The scene with the coach and the graduate who visited while on leave from Vietnam illustrated one of the prominent themes; this environment is in a bubble insulated from community and society. In this scene, the coach made a connection between a soldier's war wound and the effect on his sports career. He was so wrapped up in his role as the school coach; he immediately applied news from the outside world to his microcosmic world inside the school grounds.

This theme was also reiterated by a boy in one of the rare scenes where students were the stars. The would-be bohemian said as much; this school is a cloistered, closed system. The bubble theme is further underscored by the sequence where three boys emerged from a space capsule simulator after 193 hours. There was much fanfare for the successful end to 'Project SPARC' including a telegram from astronaut Gordon Cooper, read with typical dragnet-style inflection by the sponsoring teacher.

In fact, several scenes feature extended recitations of written material by instructors who suffer from chronic educational ennui. There is the flat rendition of 'Casey at the Bat', the review of the typing test text, and the dreaded retelling of the "thought for the day" from the daily bulletin. A glimpse of self-awareness offered by a young English teacher was most startling. In the course of dissecting Paul Simon's poem "The Dangling Conversation", she read it aloud first, and followed with the Simon & Garfunkel song version. She told the students to listen to both versions. The poem came alive with the music. A lingering shot of the teacher showed the hope in her eyes that someone will get the message. For me, it's the best sequence in the film. If Wiseman wanted to underscore a failure of the system, it lied not with the disciplinarian tactics or heavy-handed advice dispensed by the staff, but with the inadequacy of the delivery methods used by educators.
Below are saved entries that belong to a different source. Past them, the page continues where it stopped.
Lemma good_chain_union (F : (W * M -> Prop) -> Prop) :
  (forall X Y, F X -> F Y -> (forall x, X x -> Y x) \/ (forall x, Y x -> X x)) ->
  (forall X, F X -> good_partial X) -> good_partial (fun x => exists2 X, F X & X x).
Proof.
move=> Ftot Fgood; set U := fun x => _.
have Ufun : functional U by apply: pairwise_chain_union => // X /Fgood[].
split=> // l Hl.
have [[X0 FX0]|noF] := classic (exists X, F X); last first.
  have [t Ht] := Sig_fin_sat Hl.
  by exists t => [w m [X FX _]|]; [case: noF; exists X|apply/sat_fconj].
have [vs supp] := formula_finite_support M (fconj l).
pose inU w := exists m, U (w, m).
have [G FG QG] : exists2 G, F G &
    forall v, List.In v vs -> forall w, v = inr w -> inU w -> exists m, G (w, m).
  apply: (chain_directed Ftot FX0) => [v X Y XY QX w Ev /(QX w Ev)[m /XY Ym]|[a|w] _].
  - by exists m.
  - by exists X0 => // w [].
  have [[m [X FX Xm]]|nU] := classic (inU w); last by exists X0 => // w' [<-].
  by exists X => // w' [<-] _; exists m.
have [t tG Ht] := (Fgood G FG).2 l Hl.
have [t' t'U t't] := extend_partial t Ufun.
exists t' => //; apply: (supp _ _ _).1 Ht => -[a|w] Hw //=.
have [Uw|nU] := classic (inU w); last by rewrite t't.
have [m Gm] := QG _ Hw w erefl Uw.
by rewrite (tG _ _ Gm) (t'U w m) //; exists G.
Qed.

Lemma good_maximal_total (A : W * M -> Prop) : good_partial A ->
  (forall B, (forall x, A x -> B x) -> good_partial B -> forall x, B x -> A x) ->
  forall w0, exists m, A (w0, m).
Proof.
move=> [Afun AFS] maxA w0; apply: NNPP => nw0.
have [aval avalA _] := extend_partial (fun _ => m0) Afun.
pose Q := {v : P + W | if v is inr w then exists m, A (w, m) else True}.
pose r (o : option Q) := if o is Some x then sval x else inr w0.
have ri : injective r.
  have nQ (x : Q) : sval x <> inr w0.
    by case: x => [[a|w] hw] //= [Ew]; case: nw0; rewrite -Ew.
  by move=> [x|] [y|] //= => [/sval_inj->|/nQ|/esym/nQ].
pose q (x : Q) := sum_env p aval (sval x).
have env_r t : extends A t -> sum_env p t \o r =1 ext_env q (t w0).
  move=> tA [[[a|w] hw]|] //; rewrite /= /q //=.
  by case: hw => m Am; rewrite (tA _ _ Am) (avalA _ _ Am).
pose Sig' chi := exists2 l, (forall phi, List.In phi l -> Sig phi) &
  forall s, sat chi s <-> exists t : P + W -> M, t \o r =1 s /\ sat (fconj l) t.
(* A value for [w0] by one-variable saturation over the parameters assigned by [A]. *)
have [mstar Hmstar] : exists m, forall chi, Sig' chi -> sat chi (ext_env q m).
  apply: (saturated_sub (@sval_inj _ _)) => cs /list_choice_incl[Lb LbSig Hcov].
  have [t tA Ht] := AFS Lb LbSig; exists (t w0) => chi /Hcov[l charl inclL].
  apply/charl; exists (sum_env p t); split; first exact: env_r.
  exact: sat_fconj_incl (inhabits m0) inclL Ht.
have : A (w0, mstar).
  apply: (maxA (fun x => A x \/ x = (w0, mstar))); [by left| |by right].
  split.
    have notA z : A z -> z.1 <> w0 by case: z => w m Am /= Ew; apply: nw0; exists m; rewrite -Ew.
    move=> z z' [Az|->] [Az'|->] //= Ez;
      [exact: Afun Az Az' Ez|case: (notA _ Az Ez)|case: (notA _ Az' (esym Ez))].
  move=> l Hl; have [chi charchi] := formula_projection m0 (fconj l) ri.
  have [t' [t'r Ht']] := (charchi _).1 (Hmstar chi (ex_intro2 _ _ l Hl charchi)).
  exists (t' \o inr) => [w m [Am|[-> ->]]|]; last first.
    by apply: (iffLR (eq_sat _ _)) Ht' => -[a|w] //; apply: (t'r (Some (exist _ (inl a) I))).
  - exact: (t'r None).
  - have hw : exists m, A (w, m) by exists m.
    by rewrite -(avalA _ _ Am); apply: (t'r (Some (exist _ (inr w) hw))).
by move=> Aw0; apply: nw0; exists mstar.
Qed.

Theorem saturated_many : exists t : W -> M, forall phi, Sig phi -> sat phi (sum_env p t).
Proof.
have [A goodA maxA] := @Zorn_maximal _ good_partial (fun F FG Ftot => good_chain_union Ftot FG).
have Atot := good_maximal_total goodA maxA.
have [t tA _] := extend_partial (fun _ => m0) goodA.1.
exists t => phi Sphi.
have [|t' t'A Ht'] := goodA.2 [:: phi]; first by move=> psi [<-|].
have -> : t = t'.
  by apply: functional_extensionality => w; have [m Am] := Atot w; rewrite (tA _ _ Am) (t'A _ _ Am).
by move/(sat_fconj _ _ (inhabits m0)): Ht'; apply; left.
Qed.

End ManyVariables.

End Saturation.

(** * Homogeneity and saturation of the monster *)

Lemma finite_injective_surjective (X : Type) (f : X -> X) :
  finite_type X -> injective f -> forall y, exists x, f x = y.
Proof.
move=> [l /finite_injects_ord[idx idxi idxK]] fi y.
pose S := [set i : 'I_(List.length l) | idx (List.nth i l y) == i].
have idxS x : idx x \in S by rewrite inE idxK.
pose F (i : 'I_(List.length l)) := idx (f (List.nth i l y)).
have Finj : {in S &, injective F}.
  by move=> i j; rewrite !inE => /eqP Ei /eqP Ej /idxi/fi Eij; rewrite -Ei -Ej Eij.
have FS : F @: S = S.
  apply/eqP; rewrite eqEcard card_in_imset // leqnn andbT.
  by apply/subsetP => _ /imsetP[i _ ->]; apply: idxS.
by have := idxS y; rewrite -FS => /imsetP[i _ /idxi ->]; exists (List.nth i l y).
Qed.

Lemma finite_last_point (X K : Type) (u v : K -> X) (f : X -> X) (x0 : X) :
  finite_type X -> injective f -> (forall x, exists k, u k = x) ->
  (forall k k', u k = u k' <-> v k = v k') ->
  (forall k, u k <> x0 -> f (u k) = v k) -> forall k, f (u k) = v k.
Proof.
move=> Xfin fi usurj uv fE k; have [|/NNPP uk] := classic (u k <> x0); first exact: fE.
have [rep repK] := choice _ usurj.
have vrep_inj : injective (v \o rep) by move=> x x' /= /uv; rewrite !repK.
have [x Ex] := finite_injective_surjective Xfin vrep_inj (f x0).
have [x0x|nx] := classic (x = x0).
  by rewrite uk -Ex x0x /=; apply/uv; rewrite repK.
have : f x = f x0 by rewrite -Ex /= -(fE (rep x)) repK.
by move/fi.
Qed.

Section Monster.
Variables (L : signature) (M : structure L).

Definition homogeneous_for (K : Type) :=
  forall u v : K -> M, same_type u v -> exists f, automorphism f /\ forall k, f (u k) = v k.

Lemma same_type_eq (K : Type) (u v : K -> M) (k k' : K) :
  same_type u v -> u k = u k' <-> v k = v k'.
Proof. by move=> uv; apply: (uv (feq (tvar L k) (tvar L k'))). Qed.

Lemma same_type_comp (K K' : Type) (h : K' -> K) (u v : K -> M) :
  same_type u v -> same_type (u \o h) (v \o h).
Proof. by move=> uv phi; rewrite -(sat_rename phi h u) -(sat_rename phi h v). Qed.

Lemma finite_saturated (Q : Type) : finite_type M -> saturated_over M Q.
Proof.
move=> [l Hl] q Sig Hfs; apply: NNPP => nreal.
have bad m : exists phi, Sig phi /\ ~ sat phi (ext_env q m).
  apply: NNPP => nm; apply: nreal; exists m => phi Sphi.
  by apply: NNPP => nsat; apply: nm; exists phi.
have [ph phP] := choice _ bad.
have [|m Hm] := Hfs (List.map ph l); first by move=> _ /List.in_map_iff[m [<- _]]; case: (phP m).
by case: (phP m) => _; apply; apply/Hm/List.in_map/Hl.
Qed.

Lemma finite_homogeneous (K : Type) :
  monster M -> finite_type M -> inhabited M -> homogeneous_for K.
Proof.
move=> HM Mfin [m1] u v uv.
have [m0 m0P] : exists m0, (forall x, exists k, u k = x) \/ (forall k, u k <> m0).
  have [usurj|/not_all_ex_not[m nm]] := classic (forall x, exists k, u k = x).
    by exists m1; left.
  by exists m; right => k Ek; apply: nm; exists k.
pose K1 := {m | m <> m0 /\ exists k, u k = m}.
have [rep repK] : exists rep : K1 -> K, forall x, u (rep x) = sval x.
  by apply: (choice (fun x k => u k = sval x)) => x; case: (svalP x).
(* [K1] omits [m0], so it is small although [M] is finite. *)
have K1small : small M K1.
  split; first by exists sval; apply: sval_inj.
  move=> [g gi]; have [m Em] := finite_injective_surjective Mfin (inj_comp (@sval_inj _ _) gi) m0.
  by case: (svalP (g m)) => /(_ Em).
have [f [faut fE]] := HM.2 K1 _ _ K1small (same_type_comp rep uv).
have f_off k : u k <> m0 -> f (u k) = v k.
  move=> nk; pose x : K1 := exist _ (u k) (conj nk (ex_intro _ k erefl)).
  by have := fE x; rewrite /= repK /= => ->; apply/(same_type_eq _ _ uv); rewrite repK.
exists f; split=> //; case: m0P => [usurj|nm0]; last by move=> k; apply/f_off/nm0.
exact: finite_last_point Mfin (bij_inj faut.1) usurj (fun k k' => same_type_eq k k' uv) f_off.
Qed.

Lemma small_inhabited (X : Type) : small M X -> inhabited M.
Proof.
move=> [_ nMX]; apply: NNPP => nM; apply: nMX.
by exists (fun m => match nM (inhabits m) with end) => m; case: (nM (inhabits m)).
Qed.

Lemma finite_or_small_sum (X Y : Type) :
  finite_type M \/ small M X -> finite_type M \/ small M Y -> finite_type M \/ small M (X + Y).
Proof.
move=> [|sX]; first by left.
move=> [|sY]; first by left.
by have [|natM] := finite_or_nat M; [left|right; apply: small_sum].
Qed.

Lemma monster_homogeneous (K : Type) : monster M -> inhabited M ->
  finite_type M \/ small M K -> homogeneous_for K.
Proof. by move=> HM M0 [Mfin|Ksmall]; [apply: finite_homogeneous|move=> u v; apply: HM.2]. Qed.

Lemma monster_saturated (K Q : Type) : monster M -> finite_type M \/ small M K ->
  injects Q K -> saturated_over M Q.
Proof.
move=> HM [Mfin|Ksmall] QK; first exact: finite_saturated.
by move=> q; apply: HM.1; apply: small_sub Ksmall QK.
Qed.

End Monster.

(** * Normality *)

Section Normality.
Variables (L : signature) (M : structure L).
Variables (I : Type) (a : I -> M) (E : (I -> M) -> (I -> M) -> Prop).

Lemma normal_of_equiv_over_definable :
  type_definable2 (equiv_over E a (J:=I)) -> normal_hyp E a.
Proof.
move=> defEq g ginv h gaut gK ginvK haut hfix.
have : equiv_over E a (ginv \o a) (h \o (ginv \o a)) by exists h.
move=> /(type_definable2_aut defEq gaut)[f [_ [ffix fE]]].
rewrite /fixes; suff -> : (fun i => g (h (ginv (a i)))) = f \o a by [].
by apply: functional_extensionality => i; have := fE i; rewrite /= ginvK => ->.
Qed.

Hypothesis HE : fo_equivalence E.
Hypothesis HEdef : type_definable2 E.
Hypothesis Hnorm : normal_hyp E a.

Lemma equiv_over_of_witnesses (J : Type) (b c : J -> M) (a1 a2 : I -> M) :
  homogeneous_for M I -> homogeneous_for M (J + I) ->
  same_type a a1 -> same_type (sum_env b a1) (sum_env c a2) -> E a1 a2 ->
  equiv_over E a b c.
Proof.
move=> homI homJI aa1 ba1 Ea12.
have [h [haut ha]] := homI _ _ aa1.
have [g [gaut gba]] := homJI _ _ ba1.
have [[hinv hK hinvK] _] := haut.
have hinvaut := automorphism_inv haut hK hinvK.
pose k := hinv \o g \o h.
have kfix : fixes E a k.
  have ha1 : hinv \o a1 = a by apply: functional_extensionality => i /=; rewrite -ha hK.
  have ka : (fun i => k (a i)) = hinv \o a2.
    by apply: functional_extensionality => i; rewrite /k /= ha; congr hinv; apply: (gba (inr i)).
  by rewrite /fixes ka -[in X in E _ X]ha1; apply: type_definable2_aut (HE.2.1 _ _ Ea12).
have kaut : automorphism k := automorphism_comp (automorphism_comp hinvaut gaut) haut.
exists g; split=> //; split; last by move=> j; apply: (gba (inl j)).
move: (Hnorm haut hK hinvK kaut kfix); rewrite /fixes.
by suff -> : (fun i => h (k (hinv (a i)))) = (fun i => g (a i)) by [];
  apply: functional_extensionality => i; rewrite /k /= !hinvK.
Qed.

Section Witnesses.
Variables (J : Type) (SigE : formula L (I + I) -> Prop).
Hypothesis HSigE : forall x y, E x y <-> forall eps, SigE eps -> sat eps (sum_env x y).

(* The variables [(J + J) + (I + I)] stand for [b, c, a1, a2]. *)
Definition lift_left (x : J + I) : (J + J) + (I + I) :=
  match x with inl j => inl (inl j) | inr i => inr (inl i) end.
Definition lift_right (x : J + I) : (J + J) + (I + I) :=
  match x with inl j => inl (inr j) | inr i => inr (inr i) end.

Definition witness_formulas (psi : formula L ((J + J) + (I + I))) :=
  (exists theta, psi = fiff (frename theta lift_left) (frename theta lift_right)) \/
  (exists2 alpha, sat alpha a & psi = frename alpha (inr \o inl)) \/
  (exists2 eps, SigE eps & psi = frename eps inr).

Lemma sat_witness_formulas (b c : J -> M) (t : I + I -> M) :
  (forall psi, witness_formulas psi -> sat psi (sum_env (sum_env b c) t)) <->
  [/\ same_type (sum_env b (t \o inl)) (sum_env c (t \o inr)),
       forall alpha, sat alpha a -> sat alpha (t \o inl) & E (t \o inl) (t \o inr)].
Proof.
have sat_left theta : sat (frename theta lift_left) (sum_env (sum_env b c) t) <->
    sat theta (sum_env b (t \o inl)) by rewrite sat_rename; apply: eq_sat => -[j|i].
have sat_right theta : sat (frename theta lift_right) (sum_env (sum_env b c) t) <->
    sat theta (sum_env c (t \o inr)) by rewrite sat_rename; apply: eq_sat => -[j|i].
have sat_E eps : sat (frename eps inr) (sum_env (sum_env b c) t) <->
    sat eps (sum_env (t \o inl) (t \o inr)) by rewrite sat_rename; apply: eq_sat => -[i|i].
split=> [Hw|[bc aa1 /HSigE Ea12] psi [[theta ->]|[[alpha Ha ->]|[eps Heps ->]]]].
- split.
  + by move=> theta; rewrite -sat_left -sat_right -sat_fiff; apply: Hw; left; exists theta.
  + move=> alpha Ha; apply: (sat_rename alpha (inr \o inl) (sum_env (sum_env b c) t)).1.
    by apply: Hw; right; left; exists alpha.
  + by apply/HSigE => eps Heps; rewrite -sat_E; apply: Hw; right; right; exists eps.
- by rewrite sat_fiff sat_left sat_right.
- by rewrite sat_rename; apply: aa1.
- by rewrite sat_E; apply: Ea12.
Qed.

Definition equiv_over_formulas (chi : formula L (J + J)) :=
  forall b c : J -> M, equiv_over E a b c -> sat chi (sum_env b c).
The message turns hopeful in the last scene. A teacher reads a letter at a faculty meeting written by the former student on station in Vietnam. Tight camera work reveals the emotion of the reader, in contrast to the non expressive faces of the previous speakers. The written word provides power after all. There's hope on the part of the student to survive outside the system, hope on the part of the administrator reading the note that they do have an impact on their charges, and hope that inside a flawed machine such as the educational system, someone gets the message.